Reporting of suspected adverse reactions
Reporting suspected adverse reactions after authorisation of the medicinal product is important. It allows continued monitoring of the benefit/risk balance of the medicinal product. Healthcare professionals are asked to report any suspected adverse reactions via the national reporting system listed in
4.9 Overdose
In view of the mechanism of action of Fasturtec, an overdose will lead to low or undetectable plasma uric acid concentrations and increased production of hydrogen peroxide. Thus patients suspected of receiving an overdose should be monitored for haemolysis, and general supportive measures should be initiated as no specific antidote for Fasturtec has been identified.
5. PHARMACOLOGICAL PROPERTIES5.1 Pharmacodynamic properties
Pharmacotherapeutic group: Detoxifying agents for antineoplastic treatment, ATC code: V03AF07.
Mechanism of action
In humans, uric acid is the final step in the catabolic pathway of purines. The acute increase in plasma levels of uric acid subsequent to the lysis of large numbers of malignant cells and during cytoreductive chemotherapy may lead to impairment of renal function and renal failure resulting from the precipitation of crystals of uric acid in renal tubules. Rasburicase is a highly potent uricolytic agent that catalyses enzymatic oxidation of uric acid into allantoin, a water soluble product, easily excreted by the kidneys in the urine.
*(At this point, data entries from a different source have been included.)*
Lemma In_triples n i j k :
  In (i, j, k) (triples n) <-> (i < j < k)%nat /\ (k < n)%nat.
Proof.
  unfold triples; split.
  - intros H.
    apply in_flat_map in H as [i' [Hi H]]; apply in_flat_map in H as [j' [Hj H]].
    apply in_map_iff in H as [k' [Ht Hk]]; injection Ht as <- <- <-.
    apply in_seq in Hi, Hj, Hk; lia.
  - intros Hijk.
    apply in_flat_map; exists i; split; [apply in_seq; lia|].
    apply in_flat_map; exists j; split; [apply in_seq; lia|].
    apply in_map_iff; exists k; split; [reflexivity | apply in_seq; lia].
Qed.


Definition triad_index (t1 t2 t3 : R) : R := Rmax (t1 * t3 / t2) (t2 / (t1 * t3)).

Lemma triad_index_inv t1 t2 t3 : 0 < t1 -> 0 < t2 -> 0 < t3 ->
  triad_index (/ t1) (/ t2) (/ t3) = triad_index t1 t2 t3.
Proof.
  intros; unfold triad_index; rewrite Rmax_comm; f_equal; field; lra.
Qed.

Lemma triad_index_unit_entity t2 t3 : 0 < t2 -> 0 < t3 ->
  triad_index 1 t2 t3 = triad_index 1 (t2 / t3) 1.
Proof. intros; unfold triad_index; f_equal; field; lra. Qed.

Lemma triad_index_scale t1 t2 t3 k : 0 < t1 -> 0 < t2 -> 0 < t3 -> 0 < k ->
  triad_index (k * t1) (k * k * t2) (k * t3) = triad_index t1 t2 t3.
Proof. intros; unfold triad_index; f_equal; field; lra. Qed.

Lemma triad_index_centred s : 1 <= s -> triad_index 1 s 1 = s.
Proof.
  intros Hs; unfold triad_index.
  replace (1 * 1 / s) with (/ s) by (field; lra).
  replace (s / (1 * 1)) with s by (field; lra).
  now apply Rmax_inv_l.
Qed.

Lemma tri_val_ge1 (A : PCM) i j k :
  (i < psize A)%nat -> (j < psize A)%nat -> (k < psize A)%nat ->
  1 <= tri_val (pent A) i j k.
Proof.
  intros Hi Hj Hk; unfold tri_val.
  pose proof (pent_pos A i j Hi Hj); pose proof (pent_pos A j k Hj Hk);
  pose proof (pent_pos A i k Hi Hk).
  replace (pent A i k / (pent A i j * pent A j k))
    with (/ (pent A i j * pent A j k / pent A i k)) by (field; nra).
  apply Rmax_inv_ge1, Rdiv_lt_0_compat; nra.
Qed.

Lemma mu_ge_tri_val (A : PCM) i j k :
  (i < j < k)%nat -> (k < psize A)%nat -> tri_val (pent A) i j k <= mu A.
Proof.
  intros; apply fold_Rmax_ge, in_map_iff; exists (i, j, k).
  split; [reflexivity | apply In_triples; auto].
Qed.

Lemma mu_ge1 A : 1 <= mu A.
Proof.
  pose proof (psize_ge3 A).
  eapply Rle_trans; [apply (tri_val_ge1 A 0 1 2) | apply mu_ge_tri_val]; lia.
Qed.

Lemma mu_attained (A : PCM) : exists i j k,
  (i < j < k)%nat /\ (k < psize A)%nat /\ mu A = tri_val (pent A) i j k.
Proof.
  pose proof (psize_ge3 A) as H3.
  set (f := fun t : nat * nat * nat => let '(i, j, k) := t in tri_val (pent A) i j k).
  assert (Hin : In (mu A) (map f (triples (psize A)))).
  { apply fold_Rmax_In.
    - intros x Hx; apply in_map_iff in Hx as [[[i j] k] [<- Ht]].
      apply In_triples in Ht; apply tri_val_ge1; lia.
    - intros Hnil.
      assert (H012 : In (0, 1, 2)%nat (triples (psize A))) by (apply In_triples; lia).
      apply (in_map f) in H012; rewrite Hnil in H012; contradiction. }
  apply in_map_iff in Hin as [[[i j] k] [Hf Ht]]; apply In_triples in Ht.
  exists i, j, k; intuition.
Qed.

Lemma mu_triad T t1 t2 t3 : is_triad T t1 t2 t3 -> mu T = triad_index t1 t2 t3.
Proof.
  intros (Hs & <- & <- & <-); unfold mu; rewrite Hs; cbn.
  apply Rmax_left, tri_val_ge1; lia.
Qed.

Lemma triad_pos T t1 t2 t3 : is_triad T t1 t2 t3 -> 0 < t1 /\ 0 < t2 /\ 0 < t3.
Proof. intros (Hs & <- & <- & <-); repeat split; apply pent_pos; lia. Qed.

Lemma is_triad_pent T : psize T = 3%nat -> is_triad T (pent T 0 1) (pent T 0 2) (pent T 1 2).
Proof. repeat split; auto. Qed.

Lemma pent_diag (A : PCM) i : (i < psize A)%nat -> pent A i i = 1.
Proof.
  intros Hi; pose proof (pent_recip A i i Hi Hi) as Hr; pose proof (pent_pos A i i Hi Hi).
  assert (pent A i i * pent A i i = 1) by (rewrite Hr at 2; apply Rinv_r; lra).
  nra.
Qed.


Definition triad_entries (a b c : R) (i j : nat) : R :=
  match i, j with
  | O, S O => a | O, S (S O) => b | S O, S (S O) => c
  | S O, O => / a | S (S O), O => / b | S (S O), S O => / c
  | _, _ => 1
  end.

Lemma triad_entries_pos a b c : 0 < a -> 0 < b -> 0 < c ->
  forall i j, (i < 3)%nat -> (j < 3)%nat -> 0 < triad_entries a b c i j.
Proof.
  intros; destruct i as [|[|[|i]]]; try lia; destruct j as [|[|[|j]]]; try lia;
    simpl; try apply Rinv_0_lt_compat; auto; lra.
Qed.

Lemma triad_entries_recip a b c : forall i j, (i < 3)%nat -> (j < 3)%nat ->
  triad_entries a b c j i = / triad_entries a b c i j.
Proof.
  intros; destruct i as [|[|[|i]]]; try lia; destruct j as [|[|[|j]]]; try lia;
    simpl; now rewrite ?Rinv_inv, ?Rinv_1.
Qed.

Lemma triad_entries_out a b c : forall i j, (3 <= i \/ 3 <= j)%nat ->
  triad_entries a b c i j = 1.
Proof. intros; destruct i as [|[|[|i]]]; destruct j as [|[|[|j]]]; simpl; auto; lia. Qed.

Definition mk_triad a b c (ha : 0 < a) (hb : 0 < b) (hc : 0 < c) : PCM :=
  mkPCM 3 (triad_entries a b c) (Nat.le_refl 3) (triad_entries_pos a b c ha hb hc)
    (triad_entries_recip a b c) (triad_entries_out a b c).

Lemma triad_exists a b c : 0 < a -> 0 < b -> 0 < c -> exists T, is_triad T a b c.
Proof. intros ha hb hc; exists (mk_triad a b c ha hb hc); repeat split. Qed.

Lemma triad_of_indices (A : PCM) i j k : (i < j < k)%nat -> (k < psize A)%nat ->
  exists T, triad_of T A /\ is_triad T (pent A i j) (pent A i k) (pent A j k).
Proof.
  intros Hijk Hk.
  exists (mk_triad _ _ _ (pent_pos A i j ltac:(lia) ltac:(lia))
     (pent_pos A i k ltac:(lia) ltac:(lia)) (pent_pos A j k ltac:(lia) ltac:(lia))).
  split; [|repeat split].
  split; [reflexivity|]; split; [simpl; lia|].
  exists (fun t => match t with 0 => i | 1 => j | _ => k end%nat); simpl.
  split; [|split].
  - intros t u Htu Hu; destruct t as [|[|[|t]]]; destruct u as [|[|[|u]]]; lia.
  - intros t Ht; destruct t as [|[|[|t]]]; lia.
  - intros t u Ht Hu; destruct t as [|[|[|t]]]; try lia; destruct u as [|[|[|u]]]; try lia;
      simpl; first [reflexivity | symmetry; apply pent_diag; lia
                   | symmetry; apply pent_recip; lia].
Qed.

Lemma mu_triad_of_le T A : triad_of T A -> mu T <= mu A.
Proof.
  intros (Hs & _ & sg & Hinc & Hrange & Hent).
  rewrite (mu_triad T _ _ _ (is_triad_pent T Hs)), !Hent by lia.
  apply mu_ge_tri_val; [split|]; try apply Hinc; try apply Hrange; lia.
Qed.

Lemma triad_of_attaining_mu A : exists U, triad_of U A /\ mu U = mu A.
Proof.
  destruct (mu_attained A) as (i & j & k & Hijk & Hk & Hmu).
  destruct (triad_of_indices A i j k Hijk Hk) as [U [HU HUt]].
  exists U; split; auto; now rewrite (mu_triad _ _ _ _ HUt), Hmu.
Qed.

Section KoczkodajProperties.

Variable rk : PCM -> PCM -> Prop.
Hypothesis rk_koczkodaj : forall A B, rk A B <-> koczkodaj_ranking A B.

Lemma rk_equiv_mu A B : rk_equiv rk A B <-> mu A = mu B.
Proof. unfold rk_equiv, koczkodaj_ranking in *; rewrite !rk_koczkodaj; lra. Qed.

Lemma koczkodaj_PR : PR rk.
Proof.
  intros s2 t2 S T Hs Ht HS HT; rewrite rk_koczkodaj; unfold koczkodaj_ranking.
  rewrite (mu_triad _ _ _ _ HS), (mu_triad _ _ _ _ HT), !triad_index_centred by auto.
  reflexivity.
Qed.

Lemma koczkodaj_IIP : IIP rk.
Proof.
  intros t1 t2 t3 T T' HT HT'; apply rk_equiv_mu.
  destruct (triad_pos _ _ _ _ HT) as (? & ? & ?).
  rewrite (mu_triad _ _ _ _ HT), (mu_triad _ _ _ _ HT'), triad_index_inv; auto.
Qed.

Lemma koczkodaj_HTE : HTE rk.
Proof.
  intros t2 t3 T T' ? ? HT HT'; apply rk_equiv_mu.
  rewrite (mu_triad _ _ _ _ HT), (mu_triad _ _ _ _ HT'); apply triad_index_unit_entity; auto.
Qed.

Lemma koczkodaj_SI : SI rk.
Proof.
  intros t1 t2 t3 k T T' ? ? ? ? HT HT'; apply rk_equiv_mu.
  rewrite (mu_triad _ _ _ _ HT), (mu_triad _ _ _ _ HT'), triad_index_scale; auto.
Qed.

Lemma koczkodaj_MON : MON rk.
Proof. intros A T HT; apply rk_koczkodaj, mu_triad_of_le, HT. Qed.

Lemma koczkodaj_RED : RED rk.
Proof.
  intros A; destruct (triad_of_attaining_mu A) as [U [HU Hmu]].
  exists U; split; auto; apply rk_equiv_mu; auto.
Qed.

End KoczkodajProperties.

Section Characterisation.

Variable rk : PCM -> PCM -> Prop.
Hypothesis rk_ranking : inconsistency_ranking rk.
Hypotheses (rk_PR : PR rk) (rk_IIP : IIP rk) (rk_HTE : HTE rk) (rk_SI : SI rk).
Hypotheses (rk_MON : MON rk) (rk_RED : RED rk).

Lemma rk_trans A B C : rk A B -> rk B C -> rk A C.
Proof. apply (proj2 rk_ranking). Qed.

Lemma rk_equiv_trans A B C : rk_equiv rk A B -> rk_equiv rk B C -> rk_equiv rk A C.
Proof. intros [] []; split; eapply rk_trans; eauto. Qed.

Lemma triad_equiv_centred T : psize T = 3%nat ->
  exists S, is_triad S 1 (mu T) 1 /\ rk_equiv rk T S.
Proof.
  intros Hs; pose proof (is_triad_pent T Hs) as HT.
  destruct (triad_pos _ _ _ _ HT) as (p1 & p2 & p3).
  set (t1 := pent T 0 1) in *; set (t2 := pent T 0 2) in *; set (t3 := pent T 1 2) in *.
  set (k := / t1); set (y := t2 / (t1 * t3)).
  assert (pk : 0 < k) by (apply Rinv_0_lt_compat; auto).
  assert (py : 0 < y) by (apply Rdiv_lt_0_compat; nra).
  assert (Hmu : mu T = Rmax (/ y) y).
  { rewrite (mu_triad _ _ _ _ HT); unfold triad_index, y; f_equal; field; lra. }
  assert (q2 : 0 < k * k * t2) by (repeat apply Rmult_lt_0_compat; auto).
  assert (q3 : 0 < k * t3) by (apply Rmult_lt_0_compat; auto).
  destruct (triad_exists (k * t1) (k * k * t2) (k * t3)) as [T1 HT1]; auto.
  { apply Rmult_lt_0_compat; auto. }
  assert (E1 : rk_equiv rk T T1) by (apply (rk_SI t1 t2 t3 k); auto).
  destruct (triad_exists 1 y 1) as [T2 HT2]; try lra.
  assert (E2 : rk_equiv rk T1 T2).
  { apply (rk_HTE (k * k * t2) (k * t3)); auto.
    - replace 1 with (k * t1) by (unfold k; field; lra); exact HT1.
    - replace (k * k * t2 / (k * t3)) with y by (unfold y, k; field; lra); exact HT2. }
  destruct (Rle_dec 1 y) as [Hy|Hy].
  - exists T2; split; [now rewrite Hmu, Rmax_inv_l|].
    eapply rk_equiv_trans; eauto.
  - assert (Hy' : 1 <= / y) by (rewrite <- Rinv_1; apply Rinv_le_contravar; lra).
    destruct (triad_exists (/ 1) (/ y) (/ 1)) as [T3 HT3];
      try apply Rinv_0_lt_compat; try lra.
    exists T3; split.
    + rewrite Hmu, Rmax_comm, <- (Rinv_inv y) at 1; rewrite Rmax_inv_l, <- Rinv_1; auto.
    + do 2 (eapply rk_equiv_trans; eauto); eapply rk_IIP; eauto.
Qed.

Lemma rk_triads_iff T T' : psize T = 3%nat -> psize T' = 3%nat ->
  rk T T' <-> mu T <= mu T'.
Proof.
  intros Hs Hs'.
  destruct (triad_equiv_centred T Hs) as [S [HS [E1 E2]]].
  destruct (triad_equiv_centred T' Hs') as [S' [HS' [E1' E2']]].
  pose proof (rk_PR _ _ _ _ (mu_ge1 T) (mu_ge1 T') HS HS') as HPR.
  split; intros H.
  - apply HPR; eapply rk_trans; [eauto|]; eapply rk_trans; eauto.
  - apply HPR in H; eapply rk_trans; [eauto|]; eapply rk_trans; eauto.
Qed.

Lemma rk_equiv_triad_mu A T : triad_of T A -> rk_equiv rk A T -> mu A = mu T.
Proof.
  intros HT [HAT HTA].
  destruct (triad_of_attaining_mu A) as [U [HU HmuU]].
  assert (HUT : rk U T) by (eapply rk_trans; [apply rk_MON, HU | exact HAT]).
  apply rk_triads_iff in HUT; [| apply HU | apply HT].
  pose proof (mu_triad_of_le T A HT); lra.
Qed.

Lemma rk_koczkodaj A B : rk A B <-> koczkodaj_ranking A B.
Proof.
  destruct (rk_RED A) as [TA [HA [EA1 EA2]]], (rk_RED B) as [TB [HB [EB1 EB2]]].
  unfold koczkodaj_ranking.
  rewrite (rk_equiv_triad_mu A TA), (rk_equiv_triad_mu B TB) by (auto; split; auto).
  rewrite <- rk_triads_iff by (apply HA || apply HB).
  split; intros H; repeat (eapply rk_trans; eauto).
Qed.

End Characterisation.

Theorem theorem1 (rk : PCM -> PCM -> Prop) :
  inconsistency_ranking rk ->
  ((PR rk /\ IIP rk /\ HTE rk /\ SI rk /\ MON rk /\ RED rk) <->
   (forall A B : PCM, rk A B <-> koczkodaj_ranking A B)).
Proof.
  intros Hrk; split.
  - intros (HPR & HIIP & HHTE & HSI & HMON & HRED).
    exact (rk_koczkodaj rk Hrk HPR HIIP HHTE HSI HMON HRED).
  - intros HK.
    exact (conj (koczkodaj_PR rk HK) (conj (koczkodaj_IIP rk HK) (conj (koczkodaj_HTE rk HK)
      (conj (koczkodaj_SI rk HK) (conj (koczkodaj_MON rk HK) (koczkodaj_RED rk HK)))))).
Qed.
The enzymatic oxidation of uric acid leads to stoichiometric formation of hydrogen peroxide. The increased of hydrogen peroxide over ambient levels can be eliminated by endogenous antioxidants and the only increased risk is for haemolysis in G6PD deficient and inherited anaemia patients.
In healthy volunteers, a marked dose-related decrease in plasma uric acid levels was observed across the dose range 0.05 mg/kg to 0.20 mg/kg of Fasturtec.
Clinical efficacy and safety
In a randomised comparative phase III study, performed in 52 paediatric patients, 27 patients were treated with rasburicase at the recommended dose of 0.20 mg/kg/day, intravenously, for 4 to 7 days (< 5 years: n=11; 6–12 years: n=11; 13–17 years: n=5), and 25 patients with allopurinol daily oral doses for 4 to 8 days. Results showed a significantly more rapid onset of action of Fasturtec in comparison with allopurinol. At 4 hours post first dose, there was a significant difference in the mean percentage change from baseline plasma uric acid concentration (p <0.0001) in the Fasturtec group (86.0%) compared to that for the allopurinol group (-12.1%).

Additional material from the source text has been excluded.